Segment Adjusted EBITDA
19
ESG
$ millions, except % Q4 2017 Q4 2016
Operating Income 19.9$ 10.2$
Add:
Acquisition and integration-related expenses 0.3 0.2
Purchase accounting effects * 0.2 0.8
Depreciation and amortization 7.6 4.9
Adjusted EBITDA 28.0$ 16.1$
Net Sales 192.0$ 121.6$
Adjusted EBITDA margin 14.6% 13.2%
SSG
$ millions, except % Q4 2017 Q4 2016
Operating Income 8.9$ 9.0$
Add:
Restructuring 0.1 0.1
Depreciation and amortization 1.0 1.1
Adjusted EBITDA 10.0$ 10.2$
Net Sales 55.6$ 54.5$
Adjusted EBITDA margin 18.0% 18.7%
* Excludes purchase accounting expense effects included within depreciation and amortization of $0.3 million and $0.1 million for the
three months ended December 31, 2017 and 2016, respectively

Non-GAAP Measures
• Adjusted net income and earnings per share (“EPS”) - The Company believes that modifying its 2017 and 2016 net income
and diluted EPS provides additional measures which are representative of the Company’s underlying performance and
improve the comparability of results between reporting periods. During the three and twelve months ended December 31,
2017 and 2016, adjustments were made to reported GAAP net income and diluted EPS to exclude the impact of
restructuring activity, executive severance costs, acquisition and integration-related expenses, purchase accounting effects,
pension settlement charges, hearing loss settlement charges and debt settlement charges, where applicable. In addition,
during the three and twelve months ended December 31, 2017 and 2016, adjustments were made to reported GAAP
income tax expense to exclude certain special tax items, which include the Company’s preliminary estimate of the impact of
the 2017 Tax Act, which was enacted in the fourth quarter of 2017.
• Adjusted EBITDA and adjusted EBITDA margin - The Company uses adjusted EBITDA and the ratio of adjusted EBITDA to net
sales ("adjusted EBITDA margin"), at both the consolidated and segment level, as additional measures which are
representative of its underlying performance and to improve the comparability of results across reporting periods. We
believe that investors use versions of these metrics in a similar manner. For these reasons, the Company believes that
adjusted EBITDA and adjusted EBITDA margin, at both the consolidated and segment level, are meaningful metrics to
investors in evaluating the Company’s underlying financial performance.

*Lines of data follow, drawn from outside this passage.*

(* Let $\Phi:[0,\infty)\to[0,\infty)$ be convex and non-decreasing and let $(\mu_n)$ be a sequence of reals. Assume that, in the setting described in the context, assumptions (A1), (A2), (A3) and (A4) hold, that the function $c(v)$ in (A4) is a constant $c>0$ not depending on $v$, and that $\varphi(n):=\sup_{v\in\mathcal V_n}\varphi_v(n)\to0$ as $n\to\infty$. If, in addition, there exists $b_o>0$ such that $P(V\in\mathcal V_n)\ge b_o$ for all sufficiently large $n$, then for every constant $c_o\in(0,b_oc/8)$ and every sufficiently large $n$, $$E\,\Phi\big(|L(Z)-\mu_n|\big)\ \ge\ \Phi\Big(\frac{\epsilon_o c}{16\,\varphi(n)}\Big)\,c_o .$$
   Context: For each $n$, $Z$ is a random element of a finite set $\mathcal Z_n$ and $L:\mathcal Z_n\to\mathbb R$ is a function (a score). A random transformation $\mathcal R:\mathcal Z_n\to\mathcal Z_n$ is a random map whose randomness is independent of $Z$; for a function $g$, $E[g(\mathcal R(Z))\mid Z]$ denotes expectation over the randomness of $\mathcal R$ only. Let $\mathfrak u:\mathcal Z_n\to\mathbb Z$ and $\mathfrak v:\mathcal Z_n\to\mathbb Z^d$ be functions, $U:=\mathfrak u(Z)$, $V:=\mathfrak v(Z)$. Let $\mathcal S_n,\mathcal S_n^U,\mathcal S_n^V$ denote the supports of the laws of $(U,V)$, $U$, $V$ respectively, and for $v\in\mathcal S_n^V$ let $\mathcal S_n(v):=\{u\in\mathcal S_n^U:(u,v)\in\mathcal S_n\}$. For $(u,v)\in\mathcal S_n$ let $P_{(u,v)}$ be the law of $Z$ conditioned on $U=u,V=v$. A ''universal constant'' means one not depending on $n$. Assumptions: (A1) There exist a constant $\epsilon_o>0$ and a sequence $\Delta_n\to0$ such that $P\big(E[L(\mathcal R(Z))-L(Z)\mid Z]\ge\epsilon_o\big)\ge1-\Delta_n$. (A2) There is a constant $A<\infty$ with $L(\mathcal R(Z))-L(Z)\ge -A$ always. (A3) There exist sets $\mathcal V_n\subset\mathcal S_n^V$ and, for $v\in\mathcal V_n$, sets of consecutive integers $\mathcal U_n(v)=\{u_n(v)+1,\dots,u_n(v)+m_n(v)\}\subset\mathcal S_n(v)$ such that for every $v\in\mathcal V_n$ and $u\in\mathcal U_n(v)$: if $Z\sim P_{(u,v)}$ then $\mathcal R(Z)\sim P_{(u+1,v)}$. (A4) There exist $n_1>0$ and a function $c(v)>0$ (not depending on $n$) such that for every $n\ge n_1$ and every $v\in\mathcal V_n$, $m_n(v)\ge c(v)\varphi_v(n)^{-1}$, where $\varphi_v(n)>0$ satisfies $\min_{u\in\mathcal U_n(v)}P(U=u\mid V=v)\ge\varphi_v(n)$. *)

From HB Require Import structures.
From mathcomp Require Export all_boot all_order all_algebra.
From mathcomp Require Export all_classical all_reals all_analysis.
Set Implicit Arguments. Unset Strict Implicit. Unset Printing Implicit Defensive.
Import Order.TTheory GRing.Theory Num.Theory.
Local Open Scope ring_scope.

Section Defs.
Context {R : realType} {T : finType}.

Definition is_pmf (P : T -> R) : Prop :=
  (forall z, 0 <= P z) /\ \sum_z P z = 1.

Definition Pr (P : T -> R) (A : pred T) : R := \sum_(z | A z) P z.

Definition Exp (P : T -> R) (g : T -> R) : R := \sum_z P z * g z.

(* Law of Z conditioned on the event {w(Z)} (Pr P w > 0 assumed when used). *)
Definition condlaw (P : T -> R) (w : pred T) (z : T) : R :=
  P z * (w z)%:R / Pr P w.

(* The random transformation is a random map T -> T, i.e. a random element of
   the finite type {ffun T -> T}, with law Q, independent of Z.
   E[g(R(Z)) | Z = z] : *)
Definition condE_R (Q : {ffun T -> T} -> R) (g : T -> R) (z : T) : R :=
  \sum_f Q f * g (f z).

(* law of R(Z) when Z ~ Pz and R ~ Q independently *)
Definition pushR (Q : {ffun T -> T} -> R) (Pz : T -> R) (z' : T) : R :=
  \sum_z \sum_f Pz z * Q f * (f z == z')%:R.

End Defs.

Definition convex_nonneg {R : realType} (Phi : R -> R) : Prop :=
  forall x y t, 0 <= x -> 0 <= y -> 0 <= t <= 1 ->
    Phi (t * x + (1 - t) * y) <= t * Phi x + (1 - t) * Phi y.

Definition nondecr_nonneg {R : realType} (Phi : R -> R) : Prop :=
  forall x y, 0 <= x -> x <= y -> Phi x <= Phi y.

From HB Require Import structures.
From mathcomp Require Import all_boot all_order all_algebra.
From mathcomp Require Import all_classical all_reals all_analysis.
From mathcomp Require Import lra ring zify.
Set Implicit Arguments. Unset Strict Implicit. Unset Printing Implicit Defensive.
Import Order.TTheory GRing.Theory Num.Theory.
Local Open Scope ring_scope.
Local Open Scope classical_set_scope.

(* Fix a fiber V = v of V_n and follow the chain of cells U = u_n(v) + 1, ...,
   u_n(v) + m_n(v).  By (A3) the transformation carries the law of Z on one cell
   to the law on the next one, so by (A1)-(A2) the conditional means of L on
   consecutive cells increase by at least eps0, up to a loss (eps0 + A) times the
   conditional mass of the set where the drift is below eps0.  If that loss is
   small, two cells half a chain apart have means at least
   m eps0 / 4 >= eps0 c / (4 phi_v) apart, so one of them is far from mu_n, and
   Jensen's inequality on each cell together with the lower bound phi_v on the
   cell masses gives a lower bound on E[Phi |L - mu_n|; V = v]; otherwise the
   fiber mass is controlled by the low-drift mass.  Summing over v in V_n, the
   total low-drift mass is at most Delta_n by (A1). *)

Section Jensen.
Variables (R : realType) (g : R -> R).
Hypothesis g_convex : forall x y t : R, 0 <= t <= 1 ->
  g (t * x + (1 - t) * y) <= t * g x + (1 - t) * g y.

• Consolidated adjusted EBITDA is a non-GAAP measure that represents the total of income from continuing operations,
interest expense, pension settlement charges, hearing loss settlement charges, debt settlement charges, acquisition and
integration-related expenses, restructuring activity, executive severance costs, purchase accounting effects, other
income/expense, income tax benefit/expense, and depreciation and amortization expense. Consolidated adjusted EBITDA
margin is a non-GAAP measure that represents the total of income from continuing operations, interest expense, pension
settlement charges, hearing loss settlement charges, debt settlement charges, acquisition and integration-related expenses,
restructuring activity, executive severance costs, purchase accounting effects, other income/expense, income tax
benefit/expense, and depreciation and amortization expense divided by net sales for the applicable period(s).
• Segment adjusted EBITDA is a non-GAAP measure that represents the total of segment operating income, acquisition and
integration-related expenses, restructuring activity, purchase accounting effects and depreciation and amortization expense,
as applicable. Segment adjusted EBITDA margin is a non-GAAP measure that represents the total of segment operating
income, acquisition and integration-related expenses, restructuring activity, purchase accounting effects and depreciation
and amortization expense, as applicable, divided by net sales for the applicable period(s). Segment operating income
includes all revenues, costs and expenses directly related to the segment involved. In determining segment income, neither
corporate nor interest expenses are included. Segment depreciation and amortization expense relates to those assets, both
tangible and intangible, that are utilized by the respective segment. Other companies may use different methods to calculate
adjusted EBITDA and adjusted EBITDA margin.